There is more information on participatory budgeting on Baiocchi's website,

- Amy Morton

Forrest Gander:
Kenneth Chay

Professor of Economics

Kenneth Chay was an undergraduate at the Massachusetts Institute of Technology when he discovered that by studying economics, he could bring "the credibility of science" to interesting social issues, such as civil rights and social policy. Now specializing in applied microeconomics, Chay brings to Brown research expertise that is relevant to policy in the areas of health, labor and the environment.

After earning a B.A. in economics from MIT in 1991, Chay attended Princeton University, where he received his M.A. in 1993 and Ph.D. in 1996. He was most recently the Michael R. Peevey and Donald Vial Associate Professor in the economics department at the University of California-Berkeley. Chay has also served as a visiting professor at Princeton and MIT and held posts at the National Bureau of Economic Research. He was the recipient of an Outstanding Teaching Award at Berkeley in 2005, the Kenneth J. Arrow Award for best paper in health economics in 2004, an Alfred P. Sloan Research Fellowship and research grants from the National Institutes of Health and the National Science Foundation.

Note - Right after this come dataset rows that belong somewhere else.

Lemma dd_update_notin f c d s : c \notin s -> dd [eta f with c |-> d] s = dd f s.
Proof. by move=> cs; apply: dd_eq_in => z zs /=; case: eqVneq zs cs => // -> ->. Qed.

Lemma dd_cons_update f c d t : c \notin t ->
  dd [eta f with c |-> d] (c :: t) = (d - (interp f t).[c]) / (nodal t).[c].
Proof.
move=> ct; rewrite dd_cons // /= eqxx (@interp_eq_in _ f) // => z zt /=.
by case: eqVneq zt ct => // -> ->.
Qed.

Lemma sub_taylor2 f c d1 d2 (q : {poly R}) y :
  f y - ((f c)%:P + d1 *: ('X - c%:P) + ('X - c%:P) ^+ 2 * q).[y] =
  (y - c) ^+ 2 * ([eta slope [eta slope f c with c |-> d1] c with c |-> d2] y - q.[y]).
Proof.
rewrite !hornerE; have [->|yc] := eqVneq y c; first by rewrite !subrr; ring.
have yc0 : y - c != 0 by rewrite subr_eq0.
by rewrite /slope /= !(negPf yc) eqxx; field.
Qed.

Lemma size_taylor2 k c c0 c1 (q : {poly R}) : (size q <= k)%N ->
  (size (c0%:P + c1 *: ('X - c%:P) + ('X - c%:P) ^+ 2 * q)%R <= k.+2)%N.
Proof.
move=> sq; rewrite (leq_trans (size_polyD _ _)) // geq_max.
rewrite (leq_trans (size_polyMleq _ _)) ?size_exp_XsubC ?addSn ?ltnS ?add1n ?ltnS ?sq //.
rewrite (leq_trans (size_polyD _ _)) // geq_max (leq_trans (size_polyC_leq1 _)) //=.
by rewrite (leq_trans (size_scale_leq _ _)) // size_XsubC.
Qed.

End Interpolation.

Lemma mkseq_cons T (F : nat -> T) n : mkseq F n.+1 = F 0%N :: mkseq (F \o succn) n.
Proof. by rewrite /mkseq /= -(addn0 1%N) iotaDl -map_comp. Qed.

Section HigherConvexity.
Variable R : realType.
Implicit Types (f G : R -> R) (a b c d lo hi : R) (s t L : seq R).

Lemma divdiffE f (x : nat -> R) k i : uniq (mkseq (x \o addn i) k.+1) ->
  divdiff f k x i = dd f (mkseq (x \o addn i) k.+1).
Proof.
elim: k i => [|k IH] i.
  by move=> _; rewrite /mkseq /= addn0 dd1.
set m := mkseq (x \o addn i.+1) k.
have shift : mkseq ((x \o addn i) \o succn) k = m.
  by apply: eq_mkseq => j /=; rewrite addnS.
have -> : mkseq (x \o addn i) k.+2 = x i :: rcons m (x (i + k.+1)%N).
  by rewrite mkseq_cons mkseqS /= addn0 -shift.
have tail_nodes : mkseq (x \o addn i.+1) k.+1 = rcons m (x (i + k.+1)%N).
  by rewrite mkseqS /= addSnnS.
have init_nodes : mkseq (x \o addn i) k.+1 = x i :: m.
  by rewrite mkseq_cons /= addn0 shift.
move=> uvs; have /andP[_ um] := uvs.
have uum : uniq (x i :: m).
  by apply: subseq_uniq uvs; rewrite -cats1 -cat_cons prefix_subseq.
by rewrite dd_cons_rcons // -tail_nodes -init_nodes -!IH ?tail_nodes ?init_nodes.
Qed.

Definition dd_nonneg (r : nat) (pT : predType R) (A : pT) f := forall s,
  uniq s -> size s = r -> {subset s <= A} -> 0 <= dd f s.

Lemma mconvex_dd_nonneg m a b f : mconvex m a b f -> dd_nonneg m.+2 `[a, b] f.
Proof.
move=> fconv s us ss sab.
have nodes_s : mkseq (nth 0 s \o addn 0) m.+2 = s.
  by rewrite -ss -[RHS](mkseq_nth 0); apply: eq_mkseq.
have := fconv (nth 0 s); rewrite divdiffE nodes_s //; apply=> [i|i j]; rewrite -ss => ilt.
  by have := sab _ (mem_nth 0 ilt); rewrite in_itv.
by move=> jlt; rewrite nth_uniq.
Qed.

Lemma dd_nonneg_slope r (pT : predType R) (A : pT) f c : c \in A -> (0 < r)%N ->
  dd_nonneg r.+1 A f -> dd_nonneg r [predD1 A & c] (slope f c).
Proof.
move=> cA r0 fA s us ss sA; have cs : c \notin s by apply/negP => /sA; rewrite inE eqxx.
rewrite -dd_cons_slope /= ?cs ?us //; last by rewrite -size_eq0 ss -lt0n.
apply: fA; rewrite /= ?cs ?us ?ss // => z; rewrite in_cons => /predU1P[->//|/sA].
by rewrite inE => /andP[].
Qed.

Lemma horner_nodal_gt0 t c : {in t, forall z, z < c} -> 0 < (nodal t).[c].
Proof. by move=> tc; rewrite horner_nodal big_seq prodr_gt0 // => z /tc; rewrite subr_gt0. Qed.

Lemma exists_uniq_in_itv n lo hi : lo < hi ->
  exists s, [/\ uniq s, size s = n & {subset s <= `]lo, hi[}].
Proof.
rewrite -subr_gt0 => e0; exists (mkseq (fun i => lo + (hi - lo) / i.+2%:R) n).
split; [|exact: size_mkseq|].
  apply: mkseq_uniq => i j /addrI /(mulfI (lt0r_neq0 e0)) /invr_inj /eqP.
  by rewrite eqr_nat => /eqP[].
move=> _ /mapP[i _ ->]; have i0 : 0 < i.+2%:R :> R by rewrite ltr0n.
rewrite in_itv /= ltrDl divr_gt0 //= -ltrBrDl ltr_pdivrMr // ltr_pMr //.
by rewrite ltr1n.
Qed.

Lemma exists_notin_itv L lo hi : lo < hi -> exists2 y, y \in `]lo, hi[ & y \notin L.
Proof.
move=> lohi; have [s [us ss sI]] := exists_uniq_in_itv (size L).+1 lohi.
have [/hasP[y ys yL]|/hasPn sL] := boolP (has [predC L] s); first by exists y; rewrite ?sI.
have := uniq_leq_size us (fun y ys => negbNE (sL y ys)).
by rewrite ss ltnn.
Qed.

Lemma near_right_notin (P : R -> Prop) L c : (\forall y \near c, P y) ->
  exists y, [/\ c < y, y \notin L & P y].
Proof.
move=> /nbhs_ballP[e e0 cP]; have [|y] := @exists_notin_itv L c (c + e).
  by rewrite ltrDl.
rewrite in_itv /= => /andP[cy ye] yL; exists y; split => //; apply: cP.
by rewrite /ball /= distrC ger0_norm ?subr_ge0 ?ltW // ltrBlDl.
Qed.

Lemma mem_predD1_itv a b c z : a < z < b -> z != c -> z \in [predD1 `[a, b] & c].
Proof. by move=> /andP[az zb] zc; rewrite inE zc /= in_itv /= !ltW. Qed.

Lemma nodes_left n a b c : a < c -> c < b -> exists t,
  [/\ uniq t, size t = n, {subset t <= [predD1 `[a, b] & c]} & 0 < (nodal t).[c]].
Proof.
move=> ac cb; have [t [ut st tI]] := exists_uniq_in_itv n ac.
have tc : {in t, forall z, a < z < c} by move=> z /tI; rewrite in_itv.
exists t; split => //; last by apply: horner_nodal_gt0 => z /tc /andP[].
move=> z /tc /andP[az zc]; rewrite mem_predD1_itv ?lt_eqF //.
by rewrite az (lt_trans zc).
Qed.

Lemma nodes_right n a b c : a < c -> c < b -> exists t,
  [/\ uniq t, size t = n.+1, {subset t <= [predD1 `[a, b] & c]} & (nodal t).[c] < 0].
Proof.
move=> ac cb; have [y] := exists_notin_itv [::] cb; rewrite in_itv /= => /andP[cy yb] _.
have [t [ut st tI]] := exists_uniq_in_itv n ac.
have tc : {in t, forall z, a < z < c} by move=> z /tI; rewrite in_itv.
have yt : y \notin t by apply/negP => /tc /andP[_]; rewrite ltNge ltW.
exists (y :: t); split; rewrite /= ?yt ?st //.
  move=> z; rewrite in_cons => /predU1P[->|/tc /andP[az zc]].
    by rewrite mem_predD1_itv ?gt_eqF // yb (lt_trans ac).
  by rewrite mem_predD1_itv ?lt_eqF // az (lt_trans zc).
rewrite /nodal big_cons -/(nodal t) hornerM hornerXsubC nmulr_rlt0 ?subr_lt0 //.
by apply: horner_nodal_gt0 => z /tc /andP[].
Qed.

Section Extension.
Variables (r : nat) (a b c : R) (G : R -> R).
Hypotheses (ac : a < c) (cb : c < b).
Hypothesis G_dd : dd_nonneg r.+1 [predD1 `[a, b] & c] G.

Let off_nodes t := [/\ uniq t, size t = r & {subset t <= [predD1 `[a, b] & c]}].

Lemma interp_le_interp t1 t2 : off_nodes t1 -> off_nodes t2 ->
  0 < (nodal t1).[c] -> (nodal t2).[c] < 0 -> (interp G t1).[c] <= (interp G t2).[c].
Proof.
move=> [u1 s1 i1] [u2 s2 i2] w1 w2; rewrite leNgt; apply/negP => lt21.
have : \forall y \near c, [/\ y < b, 0 < (nodal t1).[y], (nodal t2).[y] < 0
                           & (interp G t2).[y] < (interp G t1).[y]].
  have near_gt p : 0 < p.[c] -> \forall y \near c, 0 < p.[y].
    by move=> pc; apply: (cvgr_gt _ (@continuous_horner R p c)).
  near=> y; split; near: y; first exact: lt_nbhsl.
  - exact: near_gt.
  - by apply: filterS (near_gt (- nodal t2) _) => [y|]; rewrite hornerN oppr_gt0.
  - apply: filterS (near_gt (interp G t1 - interp G t2) _) => [y|];
      by rewrite hornerD hornerN subr_gt0.
(* Just right of [c], [dd G (y :: t1) >= 0] and [dd G (y :: t2) >= 0] force
   [interp G t1 <= G <= interp G t2] at [y], against the order at [c]. *)
move=> /(near_right_notin (t1 ++ t2))[y [cy]].
rewrite mem_cat negb_or => /andP[yt1 yt2] [yb n1 n2 lt21y].
have yI : y \in [predD1 `[a, b] & c].
  by rewrite inE gt_eqF //= in_itv /= !ltW // (lt_trans ac).
have dd_y t : y \notin t -> uniq t -> size t = r -> {subset t <= [predD1 `[a, b] & c]} ->
    0 <= (G y - (interp G t).[y]) / (nodal t).[y].
  move=> yt ut st tI; rewrite -dd_cons //; apply: G_dd; rewrite /= ?yt ?ut ?st //.
  by move=> z; rewrite in_cons => /predU1P[->|/tI].
have := dd_y _ yt1 u1 s1 i1; rewrite ler_pdivlMr // mul0r subr_ge0 => le1.
have := dd_y _ yt2 u2 s2 i2; rewrite ler_ndivlMr // mul0r subr_le0 => le2.
by move: lt21y; rewrite ltNge (le_trans le1 le2).
Unshelve. all: by end_near.
Qed.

Chay says the main thrust of his work is about finding causal relationships. His numerous research publications include studies on the relationship between high-stakes testing laws and student performance; the impact of air pollution on infant mortality; and the effect of civil rights laws on the economic status and health outcomes for African Americans.

Currently, Chay is exploring whether one's social status can be linked to one's life expectancy.

"To identify any type of causal relationship, you need random assignment, as if something happened by luck," Chay said. "It's hard to think of instances in life where status is assigned randomly."

He and his colleagues came up with using induction to the Baseball Hall of Fame as a measurement of one's status for every Major League Baseball player born before 1946. Examining induction voting histories along with player obituaries, Chay found that inductees do not live longer, on average, than players who were not inducted. However, players who narrowly missed induction have a significantly shorter lifespan than all other players.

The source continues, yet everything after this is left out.